⟨
Lemma eq_ord_divmod p n (i j : 'I_n) :
  (i == j) = (i %% p == j %% p)%N && (i %/ p == j %/ p)%N.
Proof.
apply/eqP/andP => [->|[/eqP eq_mod /eqP eq_div]] //.
by apply/val_inj; rewrite /= (divn_eq i p) (divn_eq j p) eq_mod eq_div.
Qed.

Section TensorIdentity.
Variables (K : fieldType) (p k n : nat).
Hypotheses (p_gt0 : (0 < p)%N) (n_eq : n = (k * p)%N).
Local Notation T := (tens_id p n).

Lemma ltn_ord_divp (i : 'I_n) : (i %/ p < k)%N.
Proof. by rewrite ltn_divLR // -n_eq. Qed.

Lemma mx_atE (h : 'M[K]_k) a b (ha : (a < k)%N) (hb : (b < k)%N) :
  mx_at h a b = h (Ordinal ha) (Ordinal hb).
Proof. by rewrite /mx_at !insubT. Qed.

Lemma tens_idE (h : 'M[K]_k) (i j : 'I_n) :
  T h i j = (i %% p == j %% p)%N%:R * h (Ordinal (ltn_ord_divp i)) (Ordinal (ltn_ord_divp j)).
Proof.
by rewrite mxE (mx_atE _ (ltn_ord_divp i) (ltn_ord_divp j)); case: ifP; rewrite ?mul1r ?mul0r.
Qed.

Lemma sum_ord_divmod (G : nat -> K) :
  \sum_(l < n) G l = \sum_(0 <= a < k) \sum_(0 <= y < p) G (y + a * p)%N.
Proof.
rewrite -(big_mkord xpredT G) n_eq big_nat_mul; apply: eq_bigr => a _.
by rewrite -{1}[(a * p)%N]add0n big_addn mulSn addnK.
Qed.

Lemma tens_idM (X Y : 'M[K]_k) : T (X *m Y) = T X *m T Y.
Proof.
apply/matrixP => i j; rewrite [RHS]mxE.
pose G (l : nat) := (if (i %% p == l %% p)%N then mx_at X (i %/ p) (l %/ p) else 0) *
   (if (l %% p == j %% p)%N then mx_at Y (l %/ p) (j %/ p) else 0).
rewrite (eq_bigr (fun l : 'I_n => G l)); last by move=> l _; rewrite !mxE.
rewrite sum_ord_divmod mxE.
have -> : mx_at (X *m Y) (i %/ p) (j %/ p) =
   \sum_(0 <= a < k) mx_at X (i %/ p) a * mx_at Y a (j %/ p).
  rewrite (mx_atE _ (ltn_ord_divp i) (ltn_ord_divp j)) mxE big_mkord.
  apply: eq_bigr => -[a ha] _ /=.
  by rewrite (mx_atE _ (ltn_ord_divp i) ha) (mx_atE _ ha (ltn_ord_divp j)).
have inner a : \sum_(0 <= y < p) G (y + a * p)%N =
   (if (i %% p == j %% p)%N then mx_at X (i %/ p) a * mx_at Y a (j %/ p) else 0).
  rewrite (eq_big_nat _ _ (F2 := fun y => if y == (i %% p)%N then
      mx_at X (i %/ p) a * (if (i %% p == j %% p)%N then mx_at Y a (j %/ p) else 0)
    else 0)); last first.
    move=> y /andP [_ yp]; rewrite /G [(y + a * p)%N]addnC !modnMDl !(modn_small yp).
    rewrite divnMDl // (divn_small yp) addn0 [(i %% p == y)%N]eq_sym.
    by case: eqVneq => [->|_]; rewrite ?mul0r.
  rewrite -big_mkcond big_nat1_eq /= ltn_mod p_gt0.
  by case: ifP; rewrite ?mulr0.
rewrite (eq_bigr _ (fun a _ => inner a)).
by case: ifP => _ //; rewrite big1.
Qed.

Lemma tens_id1 : T (1%:M : 'M[K]_k) = 1%:M.
Proof.
apply/matrixP => i j; rewrite tens_idE !mxE (eq_ord_divmod p i j).
by rewrite -val_eqE /= -natrM mulnb.
Qed.

Lemma tens_idZ c (X : 'M[K]_k) : T (c *: X) = c *: T X.
Proof. by apply/matrixP => i j; rewrite [LHS]tens_idE [in RHS]mxE tens_idE mxE mulrCA. Qed.

Lemma tens_id_unitmx (X : 'M[K]_k) : X \in unitmx ->
  T X \in unitmx /\ invmx (T X) = T (invmx X).
Proof.
move=> uX; have TX_inv : T X *m T (invmx X) = 1%:M by rewrite -tens_idM mulmxV // tens_id1.
by split; [case: (mulmx1_unit TX_inv) | exact: invmx_unique].
Qed.

Lemma tens_idX (X : 'M[K]_k) e : T (X ^+ e) = T X ^+ e.
Proof.
elim: e => [|e IH]; first by rewrite !expr0 -!idmxE tens_id1.
by rewrite !exprS -!mulmxE tens_idM IH.
Qed.

Lemma tens_id_prod r (F : 'I_r -> 'M[K]_k) :
  T (\big[mulmx/1%:M]_(j < r) F j) = \big[mulmx/1%:M]_(j < r) T (F j).
Proof.
elim: r F => [|r IH] F; first by rewrite !big_ord0 tens_id1.
by rewrite !big_ord_recl tens_idM IH.
Qed.

Lemma tens_id_Abar (beta : K) r s' :
  T (Abar beta p r s' k) = Abar beta p r.+1 s'.+1 n.
Proof.
apply/matrixP => i j; rewrite tens_idE !AbarE (eq_ord_divmod p i j).
by rewrite -val_eqE /= expnSr expnS divnMA -modn_divl mulrA -natrM mulnb.
Qed.

(* The entries of [Abar beta p 1 0 n] depend only on [i %% p], and [T X] only couples
   indices with the same residue mod [p]. *)
Lemma tens_id_Abar_comm (beta : K) (X : 'M[K]_k) :
  T X *m Abar beta p 1 0 n = Abar beta p 1 0 n *m T X.
Proof.
apply/matrixP => i j; rewrite mulmx_diagr_entry ?Abar_is_diag // mulmx_diagl_entry ?Abar_is_diag //.
rewrite !tens_idE !AbarE !eqxx !mul1r expn1 expn0 !divn1.
by case: eqVneq => [->|_]; rewrite ?mul0r ?mulr0 // mulrC.
Qed.

End TensorIdentity.

Lemma tens_id_tens_id (K : fieldType) p k n q k' (h : 'M[K]_k') :
  (0 < p)%N -> n = (k * p)%N -> (0 < q)%N -> k = (k' * q)%N ->
  tens_id p n (tens_id q k h) = tens_id (q * p) n h.
Proof.
move=> p_gt0 n_eq q_gt0 k_eq; apply/matrixP => i j.
rewrite mxE (mx_atE _ (ltn_ord_divp p_gt0 n_eq i) (ltn_ord_divp p_gt0 n_eq j)).
rewrite (tens_idE q_gt0 k_eq) /=.
have div_qp (x : 'I_n) : (x %/ (q * p) = x %/ p %/ q)%N by rewrite mulnC divnMA.
have mod_qp (x : 'I_n) : (x %% (q * p) = x %% p + p * (x %/ p %% q))%N.
  rewrite {1}(divn_eq (x %% (q * p)) p) -modn_divl addnC.
  by rewrite (@modn_dvdm (q * p)) ?dvdn_mull // mulnC.
rewrite !mxE !div_qp.
have -> : (i %% (q * p) == j %% (q * p))%N =
    (i %% p == j %% p)%N && (i %/ p %% q == j %/ p %% q)%N.
  rewrite !mod_qp; apply/eqP/andP => [eq_ij|[/eqP -> /eqP ->]] //.
  have eq_mod := congr1 (modn^~ p) eq_ij.
  rewrite /= ![(_ %% p + _)%N]addnC ![(p * _)%N]mulnC !modnMDl !modn_mod in eq_mod.
  split; apply/eqP => //.
  by move: eq_ij; rewrite eq_mod => /addnI /eqP; rewrite eqn_mul2l gtn_eqF // => /eqP.
set i' := Ordinal (ltn_ord_divp p_gt0 n_eq i); set j' := Ordinal (ltn_ord_divp p_gt0 n_eq j).
have -> : mx_at h (i %/ p %/ q) (j %/ p %/ q) = mx_at h (i' %/ q) (j' %/ q) by [].
rewrite (mx_atE h (ltn_ord_divp q_gt0 k_eq i') (ltn_ord_divp q_gt0 k_eq j')).
by case: ifP => //= _; case: ifP; rewrite ?mul1r ?mul0r.
Qed.

Section BlockDecomposition.
Variables (K : fieldType) (p : nat) (beta : K) (n : nat).
Variables (E : 'M[K]_n -> Prop) (sigma : 'S_n) (A0 : 'M[K]_n) (i0 : 'I_n).
Hypotheses (p_prime : prime p) (beta_prim : p.-primitive_root beta).
Hypotheses (Eab : pgl_elem_abelian p E) (Ediag : forall M, E M -> is_diag_mx M).
Hypothesis Eweight : forall M, E M -> exists e, perm_weight sigma (beta ^+ e) M.
Hypotheses (EA0 : E A0) (wA0 : perm_weight sigma beta A0).

Let E_grp : pgl_subgroup E. Proof. by case: Eab. Qed.
Let p_gt0 : (0 < p)%N. Proof. exact: prime_gt0. Qed.
Let beta_neq0 : beta != 0. Proof. by rewrite (prim_root_eq0 beta_prim) -lt0n. Qed.
Let dA0 : is_diag_mx A0. Proof. exact: Ediag. Qed.

Local Notation c0 := (A0 i0 i0).

Let E_entry_neq0 M i : E M -> M i i != 0.
Proof. by move=> EM; rewrite diag_unitmx_entry ?Ediag ?(pgl_subgroup_unit E_grp). Qed.

Lemma A0_entry i : exists x : 'I_p, A0 i i = c0 * beta ^+ x.
Proof.
have [a A0p] : exists a : K, A0 ^+ p = a%:M by case: Eab => _ _ _; apply.
have A0p_entry j : A0 j j ^+ p = a by rewrite -diag_exprE // A0p mxE eqxx.
have /(prim_rootP beta_prim) [x betaE] : (A0 i i / c0) ^+ p = 1.
  by rewrite exprMn exprVn !A0p_entry divff // -(A0p_entry i0) expf_neq0 ?E_entry_neq0.
by exists x; rewrite -betaE mulrC divfK ?E_entry_neq0.
Qed.

Definition base := [set i | A0 i i == c0].
Definition block_size := #|base|.
Definition base_nth a : 'I_n := nth i0 (enum base) a.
⟩
Problem description:
Across the records above, return every line that contains the word "exact".

Your solution:
by split; [case: (mulmx1_unit TX_inv) | exact: invmx_unique].
Let p_gt0 : (0 < p)%N. Proof. exact: prime_gt0. Qed.
Let dA0 : is_diag_mx A0. Proof. exact: Ediag. Qed.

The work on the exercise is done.